──────── Source data ────────

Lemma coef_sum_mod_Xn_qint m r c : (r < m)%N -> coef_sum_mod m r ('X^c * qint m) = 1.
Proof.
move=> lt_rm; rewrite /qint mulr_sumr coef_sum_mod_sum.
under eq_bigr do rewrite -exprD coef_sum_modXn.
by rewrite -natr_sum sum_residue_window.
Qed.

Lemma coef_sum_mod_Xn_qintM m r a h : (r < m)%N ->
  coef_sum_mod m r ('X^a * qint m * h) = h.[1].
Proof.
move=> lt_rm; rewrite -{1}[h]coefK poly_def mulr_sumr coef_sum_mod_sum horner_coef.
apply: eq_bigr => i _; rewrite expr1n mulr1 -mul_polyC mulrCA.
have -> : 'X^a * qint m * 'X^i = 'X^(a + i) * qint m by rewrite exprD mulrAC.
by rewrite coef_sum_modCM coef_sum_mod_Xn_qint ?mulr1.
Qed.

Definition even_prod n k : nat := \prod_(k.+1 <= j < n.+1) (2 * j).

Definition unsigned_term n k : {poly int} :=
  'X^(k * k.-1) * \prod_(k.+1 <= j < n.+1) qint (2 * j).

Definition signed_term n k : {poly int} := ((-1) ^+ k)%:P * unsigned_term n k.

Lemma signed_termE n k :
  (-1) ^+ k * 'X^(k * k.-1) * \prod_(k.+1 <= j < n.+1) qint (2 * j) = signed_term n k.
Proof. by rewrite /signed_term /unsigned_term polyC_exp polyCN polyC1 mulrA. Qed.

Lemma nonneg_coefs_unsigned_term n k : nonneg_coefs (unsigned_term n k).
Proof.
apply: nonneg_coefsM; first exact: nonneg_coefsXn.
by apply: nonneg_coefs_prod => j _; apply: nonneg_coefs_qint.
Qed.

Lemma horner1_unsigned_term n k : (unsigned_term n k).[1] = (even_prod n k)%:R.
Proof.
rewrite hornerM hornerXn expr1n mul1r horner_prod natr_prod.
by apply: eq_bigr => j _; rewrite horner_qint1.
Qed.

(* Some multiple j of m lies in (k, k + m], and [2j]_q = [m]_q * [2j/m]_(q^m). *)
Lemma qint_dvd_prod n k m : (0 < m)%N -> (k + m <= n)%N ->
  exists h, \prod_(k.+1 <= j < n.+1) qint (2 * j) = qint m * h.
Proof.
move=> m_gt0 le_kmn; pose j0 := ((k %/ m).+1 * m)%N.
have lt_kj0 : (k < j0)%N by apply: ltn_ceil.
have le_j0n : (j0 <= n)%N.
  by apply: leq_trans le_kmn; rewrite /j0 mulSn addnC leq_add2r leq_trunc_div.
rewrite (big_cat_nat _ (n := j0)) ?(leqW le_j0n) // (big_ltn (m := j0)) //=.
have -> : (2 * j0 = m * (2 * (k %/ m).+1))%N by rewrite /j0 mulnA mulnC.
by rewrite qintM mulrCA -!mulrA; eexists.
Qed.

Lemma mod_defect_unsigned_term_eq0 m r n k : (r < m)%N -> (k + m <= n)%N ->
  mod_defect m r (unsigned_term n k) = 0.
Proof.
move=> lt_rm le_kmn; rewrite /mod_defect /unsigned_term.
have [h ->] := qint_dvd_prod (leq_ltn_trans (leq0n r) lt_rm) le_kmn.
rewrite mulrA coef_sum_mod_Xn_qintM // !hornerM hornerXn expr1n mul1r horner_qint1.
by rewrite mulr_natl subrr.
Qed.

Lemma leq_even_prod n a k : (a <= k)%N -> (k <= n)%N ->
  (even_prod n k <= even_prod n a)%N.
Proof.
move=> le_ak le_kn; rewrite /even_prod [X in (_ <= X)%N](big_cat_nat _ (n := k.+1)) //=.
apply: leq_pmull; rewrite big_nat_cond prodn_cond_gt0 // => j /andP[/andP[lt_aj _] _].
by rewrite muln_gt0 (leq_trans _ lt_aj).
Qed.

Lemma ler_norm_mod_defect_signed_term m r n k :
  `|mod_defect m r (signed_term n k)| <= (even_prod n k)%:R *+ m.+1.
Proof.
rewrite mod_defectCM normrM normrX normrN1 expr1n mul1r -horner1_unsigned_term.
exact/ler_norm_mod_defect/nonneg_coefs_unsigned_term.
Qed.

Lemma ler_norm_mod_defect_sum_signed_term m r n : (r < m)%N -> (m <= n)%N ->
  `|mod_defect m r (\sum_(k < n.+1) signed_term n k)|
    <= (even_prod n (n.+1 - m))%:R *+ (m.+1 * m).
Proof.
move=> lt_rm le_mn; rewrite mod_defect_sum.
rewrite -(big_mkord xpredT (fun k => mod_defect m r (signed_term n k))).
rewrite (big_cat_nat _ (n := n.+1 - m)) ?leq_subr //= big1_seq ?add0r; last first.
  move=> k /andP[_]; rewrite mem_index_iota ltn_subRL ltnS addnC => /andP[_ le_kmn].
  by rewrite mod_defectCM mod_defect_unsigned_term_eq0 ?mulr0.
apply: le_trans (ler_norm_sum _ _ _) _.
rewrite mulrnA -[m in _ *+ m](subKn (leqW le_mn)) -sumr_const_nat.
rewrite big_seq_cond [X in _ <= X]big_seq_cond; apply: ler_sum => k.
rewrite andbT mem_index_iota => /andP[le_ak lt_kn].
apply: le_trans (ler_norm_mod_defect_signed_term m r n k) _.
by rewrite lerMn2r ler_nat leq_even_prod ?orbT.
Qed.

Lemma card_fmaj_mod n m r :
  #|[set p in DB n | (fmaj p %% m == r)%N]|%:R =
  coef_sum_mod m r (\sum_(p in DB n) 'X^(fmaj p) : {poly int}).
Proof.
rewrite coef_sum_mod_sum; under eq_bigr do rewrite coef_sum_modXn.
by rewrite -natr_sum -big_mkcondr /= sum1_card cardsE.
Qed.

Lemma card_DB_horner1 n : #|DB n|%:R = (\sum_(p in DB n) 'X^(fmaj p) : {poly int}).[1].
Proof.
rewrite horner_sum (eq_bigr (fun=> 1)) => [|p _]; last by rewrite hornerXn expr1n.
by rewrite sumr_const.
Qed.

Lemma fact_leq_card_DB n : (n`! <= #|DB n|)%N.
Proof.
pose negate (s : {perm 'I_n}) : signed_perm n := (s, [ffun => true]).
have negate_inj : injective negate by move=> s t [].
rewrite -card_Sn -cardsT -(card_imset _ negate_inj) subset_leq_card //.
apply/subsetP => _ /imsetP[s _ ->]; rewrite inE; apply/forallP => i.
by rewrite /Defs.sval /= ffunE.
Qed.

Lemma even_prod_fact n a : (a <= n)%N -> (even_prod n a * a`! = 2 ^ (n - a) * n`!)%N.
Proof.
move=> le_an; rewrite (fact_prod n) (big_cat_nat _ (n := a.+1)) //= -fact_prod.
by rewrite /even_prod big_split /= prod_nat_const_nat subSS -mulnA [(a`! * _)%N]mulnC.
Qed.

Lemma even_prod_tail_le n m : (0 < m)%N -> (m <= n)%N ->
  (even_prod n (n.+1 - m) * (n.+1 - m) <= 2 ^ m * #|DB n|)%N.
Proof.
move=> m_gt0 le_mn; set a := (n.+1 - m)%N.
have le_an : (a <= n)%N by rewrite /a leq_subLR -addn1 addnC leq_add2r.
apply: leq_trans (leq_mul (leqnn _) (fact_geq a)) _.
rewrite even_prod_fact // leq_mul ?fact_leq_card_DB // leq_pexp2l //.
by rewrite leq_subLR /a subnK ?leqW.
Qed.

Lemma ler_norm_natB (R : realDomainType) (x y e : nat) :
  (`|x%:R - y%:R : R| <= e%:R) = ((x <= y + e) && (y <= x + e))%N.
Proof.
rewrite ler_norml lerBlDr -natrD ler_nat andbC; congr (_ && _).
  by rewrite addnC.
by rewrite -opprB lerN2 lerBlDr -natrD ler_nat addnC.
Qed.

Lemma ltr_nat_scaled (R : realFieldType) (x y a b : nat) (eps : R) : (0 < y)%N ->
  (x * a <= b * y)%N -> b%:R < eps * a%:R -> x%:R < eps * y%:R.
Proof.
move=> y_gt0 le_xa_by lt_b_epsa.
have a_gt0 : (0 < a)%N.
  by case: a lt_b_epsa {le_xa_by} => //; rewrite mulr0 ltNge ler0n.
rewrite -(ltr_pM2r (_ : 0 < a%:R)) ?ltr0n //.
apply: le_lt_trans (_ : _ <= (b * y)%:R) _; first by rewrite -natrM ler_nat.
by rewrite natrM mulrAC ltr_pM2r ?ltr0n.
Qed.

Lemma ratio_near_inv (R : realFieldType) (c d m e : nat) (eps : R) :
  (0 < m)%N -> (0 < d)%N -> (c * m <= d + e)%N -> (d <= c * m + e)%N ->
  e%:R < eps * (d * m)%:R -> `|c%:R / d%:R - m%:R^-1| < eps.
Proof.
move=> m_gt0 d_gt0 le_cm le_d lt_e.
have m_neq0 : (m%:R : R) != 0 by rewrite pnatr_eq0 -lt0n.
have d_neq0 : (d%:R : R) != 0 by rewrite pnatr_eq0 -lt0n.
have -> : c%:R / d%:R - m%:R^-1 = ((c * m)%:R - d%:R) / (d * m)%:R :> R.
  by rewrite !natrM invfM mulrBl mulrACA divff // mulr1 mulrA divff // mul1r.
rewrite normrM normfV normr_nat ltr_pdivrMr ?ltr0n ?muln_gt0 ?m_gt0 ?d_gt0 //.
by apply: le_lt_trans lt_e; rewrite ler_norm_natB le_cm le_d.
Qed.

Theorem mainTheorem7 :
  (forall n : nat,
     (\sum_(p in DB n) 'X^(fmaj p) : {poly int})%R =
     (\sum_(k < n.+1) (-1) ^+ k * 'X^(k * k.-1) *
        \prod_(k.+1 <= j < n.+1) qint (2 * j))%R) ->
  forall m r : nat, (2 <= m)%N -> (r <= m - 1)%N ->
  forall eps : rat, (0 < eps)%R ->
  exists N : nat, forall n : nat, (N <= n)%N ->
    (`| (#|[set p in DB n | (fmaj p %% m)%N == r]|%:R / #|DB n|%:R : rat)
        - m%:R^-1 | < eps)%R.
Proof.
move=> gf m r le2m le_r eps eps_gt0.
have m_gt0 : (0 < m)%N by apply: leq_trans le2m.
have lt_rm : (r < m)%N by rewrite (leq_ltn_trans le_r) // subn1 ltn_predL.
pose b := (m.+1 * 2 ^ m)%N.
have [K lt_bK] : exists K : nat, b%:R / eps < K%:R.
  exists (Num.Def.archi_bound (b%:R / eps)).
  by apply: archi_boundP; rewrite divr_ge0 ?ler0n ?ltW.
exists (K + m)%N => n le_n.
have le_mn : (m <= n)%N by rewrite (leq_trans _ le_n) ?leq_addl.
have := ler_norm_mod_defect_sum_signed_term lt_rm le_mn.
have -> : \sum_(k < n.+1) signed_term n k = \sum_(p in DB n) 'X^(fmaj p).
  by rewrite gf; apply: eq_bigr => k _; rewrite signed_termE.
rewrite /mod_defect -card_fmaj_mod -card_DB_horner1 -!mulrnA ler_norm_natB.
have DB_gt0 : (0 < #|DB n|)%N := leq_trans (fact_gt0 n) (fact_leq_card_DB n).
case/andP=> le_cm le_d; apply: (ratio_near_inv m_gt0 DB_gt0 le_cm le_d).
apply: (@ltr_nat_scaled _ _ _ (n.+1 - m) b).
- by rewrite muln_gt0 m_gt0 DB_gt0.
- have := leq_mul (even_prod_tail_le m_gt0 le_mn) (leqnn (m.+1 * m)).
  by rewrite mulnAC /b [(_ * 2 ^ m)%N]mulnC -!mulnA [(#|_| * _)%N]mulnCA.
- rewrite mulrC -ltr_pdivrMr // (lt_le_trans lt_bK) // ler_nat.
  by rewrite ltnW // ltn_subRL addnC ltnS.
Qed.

────────

> Required work: Check each line in the listing above for the string "normrM", then report how many lines contain it, with no other text.

> Response to this task: 2